RECORDS FOR THE EXERCISE:

(* Under the standing assumptions, let $u\in X\setminus\{0\}$ and $\zeta\in X^*$. Then $u$ is a $p$-eigenvector of $J$ with subgradient $\zeta$ (and eigenvalue $\lambda=R(u)$) if and only if all of the following hold: (i) $\zeta\in\partial J(u)$; (ii) $\langle\zeta,u-v\rangle\ge0$ for all $v\in X$ with $|v|_H\le|u|_H$; (iii) $|\zeta|_{H^*}\,|u|_H=pJ(u)$. Moreover, condition (ii) implies $\langle\zeta,u\rangle=|\zeta|_{H^*}|u|_H$.
   Context: Standing assumptions: $X$ is a real reflexive Banach space with dual $X^*$ and duality pairing $\langle\cdot,\cdot\rangle$; $\Gamma_0(X)$ is the class of proper, lower semi-continuous, convex functionals $X\to\mathbb{R}\cup\{+\infty\}$. Fix $1<p<\infty$ and $q=\frac{p}{p-1}$. Let $J\in\Gamma_0(X)$, and let $H\in\Gamma_0(X)$ be absolutely $p$-homogeneous ($H(tu)=|t|^pH(u)$) such that $|u|_H:=(pH(u))^{1/p}$ is a norm on $X$, so $H(u)=\frac1p|u|_H^p$. The dual norm is $|\zeta|_{H^*}=\sup_{u\ne0}\langle\zeta,u\rangle/|u|_H$, and $H^*(\zeta)=\frac1q|\zeta|_{H^*}^q$. The subdifferential is $\partial J(u)=\{\zeta\in X^*:\ J(u)+\langle\zeta,v-u\rangle\le J(v)\ \forall v\in X\}$. Growth assumption: there is $c>0$ with $H(u)\le cJ(u)$ for all $u\in X$. The Rayleigh quotient is $R(u)=J(u)/H(u)$ for $u\ne0$. A $p$-eigenvector of $J$: $u\in X\setminus\{0\}$ with subgradient $\zeta\in\partial J(u)$ and eigenvalue $\lambda=R(u)\in\mathbb{R}$ such that $\zeta\in\lambda\,\partial H(u)$. *)

From HB Require Import structures.
From mathcomp Require Import all_boot all_order all_algebra.
From mathcomp Require Import all_classical all_reals all_analysis.
Set Implicit Arguments. Unset Strict Implicit. Unset Printing Implicit Defensive.
Import Order.TTheory GRing.Theory Num.Theory.
Import numFieldNormedType.Exports.
Local Open Scope classical_set_scope.
Local Open Scope ring_scope.

Section Defs.
Context {R : realType} {X : completeNormedModType R}.

(* Elements of the topological dual X^*: continuous linear functionals X -> R;
   the duality pairing <zeta, x> is application zeta x. *)
Definition is_dual (f : X -> R) : Prop :=
  (forall (a : R) (x y : X), f (a *: x + y) = a * f x + f y) /\ continuous f.

Definition dual_opnorm (f : X -> R) : \bar R :=
  ereal_sup [set (`|f x|)%:E | x in [set x : X | `|x| <= 1]].

Definition reflexive_space : Prop :=
  forall Phi : (X -> R) -> R,
    (forall (a : R) (f g : X -> R), is_dual f -> is_dual g ->
        Phi (fun x => a * f x + g x) = a * Phi f + Phi g) ->
    (exists C : R, forall f, is_dual f -> `|Phi f| <= C * fine (dual_opnorm f)) ->
    exists x : X, forall f, is_dual f -> Phi f = f x.

Definition proper (F : X -> \bar R) : Prop :=
  (forall x, (-oo < F x)%E) /\ exists x, (F x < +oo)%E.

Definition convex_fun (F : X -> \bar R) : Prop :=
  forall (x y : X) (t : R), 0 < t < 1 ->
    (F (t *: x + (1 - t) *: y)%R <= t%:E * F x + (1 - t)%:E * F y)%E.

Definition Gamma0 (F : X -> \bar R) : Prop :=
  proper F /\ lower_semicontinuous F /\ convex_fun F.

Definition abs_p_homogeneous (p : R) (H : X -> \bar R) : Prop :=
  forall (t : R) (u : X), H (t *: u) = ((`|t| `^ p)%:E * H u)%E.

Definition Hnorm (p : R) (H : X -> \bar R) (u : X) : R :=
  (p * fine (H u)) `^ (p^-1).

Definition is_norm (N : X -> R) : Prop :=
  (forall u, 0 <= N u) /\ (forall u, N u = 0 -> u = 0) /\
  (forall (t : R) u, N (t *: u) = `|t| * N u) /\
  (forall u v, N (u + v) <= N u + N v).

Definition Hdualnorm (p : R) (H : X -> \bar R) (zeta : X -> R) : \bar R :=
  ereal_sup [set (zeta u / Hnorm p H u)%:E | u in [set u : X | u != 0]].

Definition subdiff (F : X -> \bar R) (u : X) (zeta : X -> R) : Prop :=
  is_dual zeta /\ forall v : X, (F u + (zeta (v - u))%:E <= F v)%E.

Definition rayleigh (J H : X -> \bar R) (u : X) : \bar R :=
  (J u * ((fine (H u))^-1)%:E)%E.

Definition p_eigenvector (J H : X -> \bar R) (u : X) (zeta : X -> R) : Prop :=
  u != 0 /\ subdiff J u zeta /\
  exists lambda : R, rayleigh J H u = lambda%:E /\
    exists eta : X -> R, subdiff H u eta /\ zeta = (fun x => lambda * eta x).

End Defs.

(* A subgradient [eta] of the p-homogeneous [H] at [u] satisfies [eta u = p H u]
   (differentiate [t |-> H (t u)] at [t = 1]) and [u] maximizes [eta] on the
   [|.|_H]-ball of radius [|u|_H]; by Young's inequality these two properties
   conversely characterize [subdiff H u]. Condition (ii) is this maximizing
   property for [zeta], which forces [|zeta|_H^* |u|_H = zeta u]; writing
   [zeta = R(u) eta] with [R(u) > 0], condition (iii) is then [eta u = p H u]. *)

From Pilot Require Import Defs.
From HB Require Import structures.
From mathcomp Require Import all_boot all_order all_algebra.
From mathcomp Require Import all_classical all_reals all_analysis.
From mathcomp Require Import ring lra.
Import Order.TTheory GRing.Theory Num.Theory.
Import numFieldNormedType.Exports.
Local Open Scope classical_set_scope.
Local Open Scope ring_scope.

Section RealFacts.
Context {R : realType}.

Lemma powR_tangent_slope (h e p : R) :
  (forall t : R, 0 < t -> h + (t - 1) * e <= t `^ p * h) -> e = p * h.
Proof.
move=> tangent.
pose f := (h \*: (@powR R ^~ p) - e \*: (@id R)) : R -> R.
have f_derive (t : R) : 0 < t -> is_derive t 1 f (h *: (p * t `^ (p - 1)) - e *: 1).
  move=> t0; apply: is_deriveB.
  exact: (is_deriveZ h (is_derive1_powR p t0)).
have f_derivable t : t \in `]0, 2[ -> derivable f t 1.
  by rewrite in_itv/= => /andP[t0 _]; have [] := f_derive t t0.
have fE t : f t = h * t `^ p - e * t by [].
have f_min1 t : t \in `]0, 2[ -> f 1 <= f t.
  rewrite in_itv/= => /andP[t0 _]; rewrite !fE powR1.
  have := tangent t t0; lra.
have in02 : (1 : R) \in `]0, 2[ by rewrite in_itv/=; apply/andP; split; lra.
have := @derive_val _ _ _ _ _ _ _ (derive1_at_min (ler0n _ 2) f_derivable in02 f_min1).
have f_derive1 := f_derive 1 ltr01.
rewrite derive_val powR1 /GRing.scale /= !mulr1.
by move/eqP; rewrite subr_eq0 mulrC => /eqP.
Qed.

Lemma young_powR [a b p : R] : 0 <= a -> 0 <= b -> 1 < p ->
  a * b `^ (p - 1) <= a `^ p / p + (1 - p^-1) * b `^ p.
Proof.
move=> a0 b0 p1; pose q := p / (p - 1).
have p_gt0 : 0 < p by lra.
have p1_neq0 : p - 1 != 0 by rewrite subr_eq0 gt_eqF.
have q_gt0 : 0 < q by rewrite divr_gt0// subr_gt0.
have pq : p^-1 + q^-1 = 1 by rewrite /q invf_div; field; rewrite gt_eqF.
have := conjugate_powR a0 (powR_ge0 b (p - 1)) p_gt0 q_gt0 pq.
rewrite -powRrM /q [(p - 1) * _]mulrC divfK// invf_div.
suff -> : b `^ p * ((p - 1) / p) = (1 - p^-1) * b `^ p by [].
by field; rewrite gt_eqF.
Qed.

End RealFacts.

Section Dual.
Context {R : realType} {X : completeNormedModType R}.
Context {f : X -> R} (df : is_dual f).

Lemma dual0 : f 0 = 0.
Proof.
have := df.1 1 0 0; rewrite scale1r addr0 mul1r; lra.
Qed.

Lemma dualZ a x : f (a *: x) = a * f x.
Proof. by have := df.1 a x 0; rewrite addr0 dual0 addr0. Qed.

Lemma dualB x y : f (x - y) = f x - f y.
Proof. by rewrite -scaleN1r addrC df.1 mulN1r addrC. Qed.

Lemma is_dualZ a : is_dual (fun x => a * f x).
Proof.
split; first by move=> b x y; rewrite df.1 mulrDr mulrCA.
by move=> x; apply: cvgM; [exact: cvg_cst | exact: df.2].
Qed.

End Dual.

Section Norm.
Context {R : realType} {X : completeNormedModType R}.
Context {N : X -> R} (nrm : is_norm N).

Lemma norm0 : N 0 = 0.
Proof. by have := nrm.2.2.1 0 0; rewrite scale0r normr0 mul0r. Qed.

Lemma norm_gt0 [u : X] : u != 0 -> 0 < N u.
Proof.
move=> u0; rewrite lt_neqAle nrm.1 andbT.
by apply/eqP => /esym/(nrm.2.1 u); apply/eqP.
Qed.

(* Compare [zeta] with its value on the multiple of [v] of the same norm as [u]. *)
Lemma maximizer_dual_le [zeta : X -> R] [u : X] : is_dual zeta -> 0 < N u ->
  (forall v, N v <= N u -> 0 <= zeta (u - v)) ->
  forall v, zeta v * N u <= zeta u * N v.
Proof.
move=> dz Nu0 maxu v; have [->|v0] := eqVneq v 0.
  by rewrite (dual0 dz) norm0 mul0r mulr0.
have Nv0 := norm_gt0 v0.
have := maxu ((N u / N v) *: v).
rewrite nrm.2.2.1 ger0_norm ?divr_ge0 ?(ltW Nu0) ?(ltW Nv0)//.
rewrite divfK ?gt_eqF// lexx => /(_ isT).
by rewrite (dualB dz) (dualZ dz) subr_ge0 mulrAC ler_pdivrMr// mulrC.
Qed.

End Norm.

Lemma Hdualnorm_maximizer {R : realType} {X : completeNormedModType R}
    [p : R] [H : X -> \bar R] [zeta : X -> R] [u : X] :
  is_norm (Hnorm p H) -> is_dual zeta -> u != 0 ->
  (forall v, Hnorm p H v <= Hnorm p H u -> 0 <= zeta (u - v)) ->
  (zeta u)%:E = (Hdualnorm p H zeta * (Hnorm p H u)%:E)%E.
Proof.
move=> nrm dz u0 maxu; have Nu0 := norm_gt0 nrm u0.
suff -> : Hdualnorm p H zeta = (zeta u / Hnorm p H u)%:E.
  by rewrite -EFinM divfK ?gt_eqF.
apply/eqP; rewrite eq_le; apply/andP; split.
  apply: ge_ereal_sup => _ [w /= w0 <-]; rewrite lee_fin.
  have Nw0 := norm_gt0 nrm w0.
  by rewrite ler_pdivrMr// mulrAC ler_pdivlMr// maximizer_dual_le.
by apply: ereal_sup_ubound; exists u.
Qed.

Lemma subdiff_fin {R : realType} {X : completeNormedModType R}
    [F : X -> \bar R] [u : X] [zeta : X -> R] :
  Defs.proper F -> subdiff F u zeta -> F u \is a fin_num.
Proof.
move=> [Fninfty [x Fx]] [_ sub]; have := sub x; have := Fninfty u.
case: (F u) => //= _; rewrite leye_eq => /eqP Fxoo.
by move: Fx; rewrite Fxoo ltxx.
Qed.

Section Homogeneous.
Context {R : realType} {X : completeNormedModType R}.
Context {p : R} {H : X -> \bar R}.
Hypotheses (p1 : 1 < p) (cvxH : convex_fun H) (homH : abs_p_homogeneous p H)
  (finH : forall u, H u \is a fin_num).

Let N := Hnorm p H.
Let h v := fine (H v).
Let p_gt0 : 0 < p. Proof. exact: lt_trans ltr01 p1. Qed.
Let hE v : H v = (h v)%:E. Proof. by rewrite /h fineK. Qed.

(* [H] is even with [H 0 = 0], so convexity at the midpoint of [v] and [-v] gives [0 <= H v]. *)
Lemma H_ge0 v : 0 <= h v.
Proof.
have H0 : h 0 = 0.
  by rewrite /h -(scale0r v) homH normr0 powR0 ?gt_eqF// mul0e.
have HN : h (- v) = h v by rewrite /h -scaleN1r homH normrN1 powR1 mul1e.
have half : 0 < (2^-1 : R) < 1 by apply/andP; split; lra.
have := cvxH v (- v) _ half.
have -> : 2^-1 *: v + (1 - 2^-1) *: - v = 0 :> X.
  have -> : (1 - 2^-1 : R) = 2^-1 by lra.
  by rewrite scalerN subrr.
rewrite !hE H0 HN -!EFinM -EFinD lee_fin; lra.
Qed.

Lemma Hnorm_powR v : N v `^ p = p * h v.
Proof.
by rewrite /N /Hnorm -powRrM mulVf ?gt_eqF// powRr1// mulr_ge0 ?H_ge0 ?ltW.
Qed.

Lemma H_le_of_Hnorm_le v w : N v <= N w -> h v <= h w.
Proof.
move=> Nvw; rewrite -(ler_pM2l p_gt0) -!Hnorm_powR.
apply: ge0_ler_powR => //; [exact: ltW | rewrite nnegrE; exact: powR_ge0..].
Qed.

(* Testing the subgradient inequality along the ray [t *: u] shows that
   [t |-> t^p H u] has a supporting line of slope [eta u] at [t = 1]. *)
Lemma subdiff_H_self [u eta] : subdiff H u eta -> eta u = p * h u.
Proof.
move=> [deta sub]; apply: powR_tangent_slope => t t0.
have := sub (t *: u); rewrite homH !hE -EFinM -EFinD lee_fin.
by rewrite (dualB deta) (dualZ deta) gtr0_norm// mulrBl mul1r.
Qed.

Lemma subdiff_H_maximizer [u eta v] :
  subdiff H u eta -> N v <= N u -> 0 <= eta (u - v).
Proof.
move=> [deta sub] /H_le_of_Hnorm_le hvu; have := sub v.
by rewrite (hE u) (hE v) -EFinD lee_fin !(dualB deta); lra.
Qed.

(* Conversely, by Young's inequality [eta v <= |v| |u|^(p-1) <= H v + (p - 1) H u]. *)
Lemma maximizer_subdiff_H [u eta] : is_norm N -> u != 0 -> is_dual eta ->
  eta u = p * h u -> (forall v, N v <= N u -> 0 <= eta (u - v)) ->
  subdiff H u eta.
Proof.
move=> nrm u0 deta etau maxu; split => // v.
have Nu0 := norm_gt0 nrm u0.
have NuE : N u * N u `^ (p - 1) = p * h u by rewrite mulr_powRB1 ?Hnorm_powR ?ltW.
have eta_le : eta v <= N v * N u `^ (p - 1).
  rewrite -(ler_pM2r Nu0) (le_trans (maximizer_dual_le nrm deta Nu0 maxu v))//.
  by rewrite etau -NuE le_eqVlt; apply/orP; left; apply/eqP; ring.
have := young_powR (nrm.1 v) (nrm.1 u) p1; rewrite !Hnorm_powR.
have -> : p * h v / p = h v by field; rewrite gt_eqF.
have -> : (1 - p^-1) * (p * h u) = p * h u - h u by field; rewrite gt_eqF.
rewrite (hE u) (hE v) -EFinD lee_fin (dualB deta) etau; lra.
Qed.

End Homogeneous.

Section Eigenvector.
Context {R : realType} {X : completeNormedModType R}.
Context {p : R} {J H : X -> \bar R} {c : R}.
Hypotheses (p1 : 1 < p) (properJ : Defs.proper J) (cvxH : convex_fun H)
  (homH : abs_p_homogeneous p H) (finH : forall u, H u \is a fin_num)
  (nrm : is_norm (Hnorm p H))
  (c_gt0 : 0 < c) (growth : forall u, (H u <= c%:E * J u)%E).
Context {u : X} {zeta : X -> R}.
Hypotheses (u0 : u != 0) (dz : is_dual zeta).

Let N := Hnorm p H.
Let h v := fine (H v).
Let j := fine (J u).

Let hu_gt0 : 0 < h u.
Proof.
have p_gt0 : 0 < p := lt_trans ltr01 p1.
by rewrite -(pmulr_rgt0 _ p_gt0) -Hnorm_powR// powR_gt0// norm_gt0.
Qed.

Let JuE : subdiff J u zeta -> J u = j%:E.
Proof. by move=> sJ; rewrite /j fineK// (subdiff_fin properJ sJ). Qed.

Let j_gt0 : subdiff J u zeta -> 0 < j.
Proof.
move=> /JuE Ju; have := growth u; rewrite -(fineK (finH u)) Ju -EFinM lee_fin.
by move=> /(lt_le_trans hu_gt0); rewrite pmulr_rgt0.
Qed.

Lemma p_eigenvector_conditions : p_eigenvector J H u zeta ->
  [/\ subdiff J u zeta,
      forall v, N v <= N u -> 0 <= zeta (u - v) &
      (Hdualnorm p H zeta * (N u)%:E = p%:E * J u)%E].
Proof.
move=> [_ [sJ [lam [lamE [eta [sH zetaE]]]]]].
have lamE' : lam = j / h u.
  by move: lamE; rewrite /rayleigh (JuE sJ) -EFinM => -[].
have lam_gt0 : 0 < lam by rewrite lamE' divr_gt0 ?j_gt0.
have maxu v : N v <= N u -> 0 <= zeta (u - v).
  move=> /(subdiff_H_maximizer p1 cvxH homH finH sH); rewrite zetaE.
  by apply: mulr_ge0; apply: ltW.
split => //; rewrite /N -(Hdualnorm_maximizer nrm dz u0 maxu) zetaE.
rewrite (subdiff_H_self homH finH sH) lamE' (JuE sJ) -EFinM.
by congr EFin; rewrite /h; field; rewrite gt_eqF.
Qed.

Lemma conditions_p_eigenvector :
  [/\ subdiff J u zeta,
      forall v, N v <= N u -> 0 <= zeta (u - v) &
      (Hdualnorm p H zeta * (N u)%:E = p%:E * J u)%E] ->
  p_eigenvector J H u zeta.
Proof.
move=> [sJ maxu dualnormE]; have j0 := j_gt0 sJ.
have zetau : zeta u = p * j.
  by move: dualnormE; rewrite -(Hdualnorm_maximizer nrm dz u0 maxu) (JuE sJ) -EFinM => -[].
pose lam := j / h u.
have lam_gt0 : 0 < lam by rewrite divr_gt0.
split => //; split => //; exists lam; split; first by rewrite /rayleigh (JuE sJ) -EFinM.
exists (fun x => lam^-1 * zeta x); split; last first.
  by apply: funext => x; rewrite mulrA mulfV ?gt_eqF// mul1r.
apply: (maximizer_subdiff_H p1 cvxH homH finH nrm u0 (is_dualZ dz _)).
  by rewrite zetau /lam /h invf_div; field; rewrite gt_eqF.
by move=> v /maxu; apply: mulr_ge0; rewrite invr_ge0 ltW.
Qed.

End Eigenvector.

Theorem proposition2p5 (R : realType) (X : completeNormedModType R)
  (p : R) (J H : X -> \bar R) :
  @reflexive_space R X ->
  1 < p ->
  Gamma0 J ->
  Gamma0 H ->
  abs_p_homogeneous p H ->
  (forall u, H u \is a fin_num) ->
  is_norm (Hnorm p H) ->
  (exists c : R, 0 < c /\ forall u, (H u <= c%:E * J u)%E) ->
  forall (u : X) (zeta : X -> R), u != 0 -> is_dual zeta ->
  (p_eigenvector J H u zeta <->
     [/\ subdiff J u zeta,
         (forall v : X, Hnorm p H v <= Hnorm p H u -> 0 <= zeta (u - v)) &
         (Hdualnorm p H zeta * (Hnorm p H u)%:E = p%:E * J u)%E ])
  /\ ((forall v : X, Hnorm p H v <= Hnorm p H u -> 0 <= zeta (u - v)) ->
      (zeta u)%:E = (Hdualnorm p H zeta * (Hnorm p H u)%:E)%E).
Proof.
move=> _ p1 [properJ _] [_ [_ cvxH]] homH finH nrm [c [c_gt0 growth]] u zeta u0 dz.
split; last exact: Hdualnorm_maximizer.
split.
- exact: (p_eigenvector_conditions p1 properJ cvxH homH finH nrm c_gt0 growth u0 dz).
- exact: (conditions_p_eigenvector p1 properJ cvxH homH finH nrm c_gt0 growth u0 dz).
Qed.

TASK STATEMENT:
What number of lines in the records contain the word "powRrM"? Answer with that number alone.

EXERCISE ANSWER:
2